#### [PROBLEM DETAILS]
Range to output from the entries below: the line containing "rewrite /g; case: ifP" through the line containing "rewrite /g (negbTE zx) (negbTE yx).". Set it down exactly, ends included, nothing else.
------------------------------------------------
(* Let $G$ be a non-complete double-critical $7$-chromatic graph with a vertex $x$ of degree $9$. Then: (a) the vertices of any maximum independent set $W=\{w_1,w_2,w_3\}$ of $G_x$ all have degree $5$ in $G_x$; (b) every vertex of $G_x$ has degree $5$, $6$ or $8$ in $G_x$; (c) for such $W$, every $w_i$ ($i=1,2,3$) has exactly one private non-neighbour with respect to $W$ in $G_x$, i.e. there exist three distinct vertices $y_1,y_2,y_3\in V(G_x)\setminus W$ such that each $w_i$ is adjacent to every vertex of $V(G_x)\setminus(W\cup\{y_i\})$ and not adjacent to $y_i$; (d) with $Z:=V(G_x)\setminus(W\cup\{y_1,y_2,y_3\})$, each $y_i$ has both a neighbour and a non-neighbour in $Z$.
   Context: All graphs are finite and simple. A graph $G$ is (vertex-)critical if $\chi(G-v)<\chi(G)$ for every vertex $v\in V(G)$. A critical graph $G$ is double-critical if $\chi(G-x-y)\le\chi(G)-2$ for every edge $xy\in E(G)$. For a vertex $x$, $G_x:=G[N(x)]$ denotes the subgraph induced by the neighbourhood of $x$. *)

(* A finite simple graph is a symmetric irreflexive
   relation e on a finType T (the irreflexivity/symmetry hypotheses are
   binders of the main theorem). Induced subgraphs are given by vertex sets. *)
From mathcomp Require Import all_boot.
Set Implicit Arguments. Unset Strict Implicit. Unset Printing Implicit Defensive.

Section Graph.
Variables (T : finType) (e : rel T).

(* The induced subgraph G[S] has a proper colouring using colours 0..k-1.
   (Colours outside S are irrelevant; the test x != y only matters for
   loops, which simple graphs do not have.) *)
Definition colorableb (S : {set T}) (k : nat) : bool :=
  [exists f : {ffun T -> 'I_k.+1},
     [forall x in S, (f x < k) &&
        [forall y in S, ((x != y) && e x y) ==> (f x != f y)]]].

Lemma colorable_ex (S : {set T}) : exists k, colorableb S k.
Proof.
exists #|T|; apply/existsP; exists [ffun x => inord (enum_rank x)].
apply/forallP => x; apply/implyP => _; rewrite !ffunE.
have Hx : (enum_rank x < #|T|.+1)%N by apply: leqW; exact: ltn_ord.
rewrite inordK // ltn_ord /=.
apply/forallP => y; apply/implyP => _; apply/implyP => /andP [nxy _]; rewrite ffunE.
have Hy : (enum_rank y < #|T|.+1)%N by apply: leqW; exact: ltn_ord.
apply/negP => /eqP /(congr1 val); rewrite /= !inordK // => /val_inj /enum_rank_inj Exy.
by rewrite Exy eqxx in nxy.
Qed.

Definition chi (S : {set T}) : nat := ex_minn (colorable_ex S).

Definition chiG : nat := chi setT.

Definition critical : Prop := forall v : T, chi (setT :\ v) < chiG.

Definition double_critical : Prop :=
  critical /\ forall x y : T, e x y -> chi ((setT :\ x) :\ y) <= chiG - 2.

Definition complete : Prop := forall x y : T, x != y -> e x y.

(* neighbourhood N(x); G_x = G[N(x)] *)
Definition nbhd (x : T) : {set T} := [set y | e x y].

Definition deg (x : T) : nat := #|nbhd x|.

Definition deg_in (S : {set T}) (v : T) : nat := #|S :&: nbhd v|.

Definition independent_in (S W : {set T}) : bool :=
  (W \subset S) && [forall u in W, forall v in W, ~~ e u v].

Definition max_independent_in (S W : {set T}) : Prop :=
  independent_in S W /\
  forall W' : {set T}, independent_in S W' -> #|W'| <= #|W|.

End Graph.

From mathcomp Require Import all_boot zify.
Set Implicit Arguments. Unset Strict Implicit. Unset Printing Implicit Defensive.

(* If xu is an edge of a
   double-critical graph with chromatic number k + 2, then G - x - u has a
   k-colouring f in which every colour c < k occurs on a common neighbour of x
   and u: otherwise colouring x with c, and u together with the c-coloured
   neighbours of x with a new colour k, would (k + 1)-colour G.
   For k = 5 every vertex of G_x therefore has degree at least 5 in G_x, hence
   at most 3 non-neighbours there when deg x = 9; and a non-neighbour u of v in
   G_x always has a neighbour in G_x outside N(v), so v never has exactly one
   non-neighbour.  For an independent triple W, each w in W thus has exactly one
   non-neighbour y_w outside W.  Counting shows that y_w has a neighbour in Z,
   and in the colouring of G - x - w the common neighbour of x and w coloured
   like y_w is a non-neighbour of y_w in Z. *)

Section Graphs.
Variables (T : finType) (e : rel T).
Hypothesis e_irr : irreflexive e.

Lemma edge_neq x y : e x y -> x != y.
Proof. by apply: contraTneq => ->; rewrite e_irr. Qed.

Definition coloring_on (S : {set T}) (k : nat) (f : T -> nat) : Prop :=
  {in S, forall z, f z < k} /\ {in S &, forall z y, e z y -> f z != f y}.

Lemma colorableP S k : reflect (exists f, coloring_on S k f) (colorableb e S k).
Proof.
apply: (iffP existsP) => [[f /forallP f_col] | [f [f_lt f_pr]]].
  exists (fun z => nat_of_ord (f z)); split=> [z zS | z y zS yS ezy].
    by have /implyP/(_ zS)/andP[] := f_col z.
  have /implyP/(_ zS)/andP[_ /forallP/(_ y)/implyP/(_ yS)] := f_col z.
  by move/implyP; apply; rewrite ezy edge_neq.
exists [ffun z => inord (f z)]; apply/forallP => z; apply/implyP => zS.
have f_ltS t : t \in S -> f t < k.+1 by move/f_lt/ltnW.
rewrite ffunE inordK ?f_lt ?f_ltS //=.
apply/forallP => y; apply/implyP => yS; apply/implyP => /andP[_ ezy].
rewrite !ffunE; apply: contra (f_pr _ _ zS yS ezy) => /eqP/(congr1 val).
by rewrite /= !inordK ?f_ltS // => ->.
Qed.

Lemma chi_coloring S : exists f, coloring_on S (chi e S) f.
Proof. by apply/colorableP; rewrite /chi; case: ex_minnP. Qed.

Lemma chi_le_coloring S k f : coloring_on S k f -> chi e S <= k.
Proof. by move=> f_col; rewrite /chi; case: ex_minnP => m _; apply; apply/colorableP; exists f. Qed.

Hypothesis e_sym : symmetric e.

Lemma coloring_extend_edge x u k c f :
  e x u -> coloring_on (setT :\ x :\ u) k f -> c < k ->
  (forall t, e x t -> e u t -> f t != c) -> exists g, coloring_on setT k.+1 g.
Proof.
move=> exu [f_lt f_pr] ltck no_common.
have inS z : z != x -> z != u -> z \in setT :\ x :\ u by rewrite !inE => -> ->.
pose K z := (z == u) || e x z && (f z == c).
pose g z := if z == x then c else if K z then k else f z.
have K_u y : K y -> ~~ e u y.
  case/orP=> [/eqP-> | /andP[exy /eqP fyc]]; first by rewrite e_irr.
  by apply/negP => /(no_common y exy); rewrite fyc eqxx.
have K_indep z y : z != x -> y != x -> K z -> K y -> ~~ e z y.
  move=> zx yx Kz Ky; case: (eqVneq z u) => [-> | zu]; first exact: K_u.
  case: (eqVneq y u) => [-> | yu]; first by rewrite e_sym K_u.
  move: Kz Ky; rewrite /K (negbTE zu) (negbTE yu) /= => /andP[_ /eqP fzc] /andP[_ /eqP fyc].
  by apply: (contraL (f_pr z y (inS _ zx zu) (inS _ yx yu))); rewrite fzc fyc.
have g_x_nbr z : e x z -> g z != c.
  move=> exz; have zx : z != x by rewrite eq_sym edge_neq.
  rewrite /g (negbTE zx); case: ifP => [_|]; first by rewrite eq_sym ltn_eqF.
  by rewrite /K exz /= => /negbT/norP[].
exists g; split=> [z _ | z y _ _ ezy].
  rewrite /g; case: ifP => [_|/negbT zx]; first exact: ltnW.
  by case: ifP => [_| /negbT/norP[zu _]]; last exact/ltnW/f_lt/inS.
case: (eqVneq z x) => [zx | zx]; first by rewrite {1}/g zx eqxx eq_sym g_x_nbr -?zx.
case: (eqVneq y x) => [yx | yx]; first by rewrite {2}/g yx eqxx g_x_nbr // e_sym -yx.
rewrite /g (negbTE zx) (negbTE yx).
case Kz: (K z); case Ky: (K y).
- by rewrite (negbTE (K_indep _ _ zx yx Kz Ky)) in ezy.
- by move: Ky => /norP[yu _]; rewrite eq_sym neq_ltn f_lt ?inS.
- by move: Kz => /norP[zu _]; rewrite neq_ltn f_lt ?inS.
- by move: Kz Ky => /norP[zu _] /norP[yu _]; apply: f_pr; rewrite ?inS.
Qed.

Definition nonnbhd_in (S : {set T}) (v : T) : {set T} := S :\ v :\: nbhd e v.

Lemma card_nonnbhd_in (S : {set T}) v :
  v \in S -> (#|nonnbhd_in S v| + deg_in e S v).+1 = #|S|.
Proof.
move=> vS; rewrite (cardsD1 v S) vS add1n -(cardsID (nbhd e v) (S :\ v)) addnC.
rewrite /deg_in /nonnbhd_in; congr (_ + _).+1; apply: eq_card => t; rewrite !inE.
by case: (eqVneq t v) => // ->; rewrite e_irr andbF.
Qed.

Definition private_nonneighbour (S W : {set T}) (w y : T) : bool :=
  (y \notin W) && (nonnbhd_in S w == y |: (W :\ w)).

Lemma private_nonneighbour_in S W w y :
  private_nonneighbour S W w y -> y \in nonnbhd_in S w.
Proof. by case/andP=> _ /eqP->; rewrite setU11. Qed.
------------------------------------------------
#### [EXERCISE SOLUTION]
  rewrite /g; case: ifP => [_|/negbT zx]; first exact: ltnW.
  by case: ifP => [_| /negbT/norP[zu _]]; last exact/ltnW/f_lt/inS.
case: (eqVneq z x) => [zx | zx]; first by rewrite {1}/g zx eqxx eq_sym g_x_nbr -?zx.
case: (eqVneq y x) => [yx | yx]; first by rewrite {2}/g yx eqxx g_x_nbr // e_sym -yx.
rewrite /g (negbTE zx) (negbTE yx).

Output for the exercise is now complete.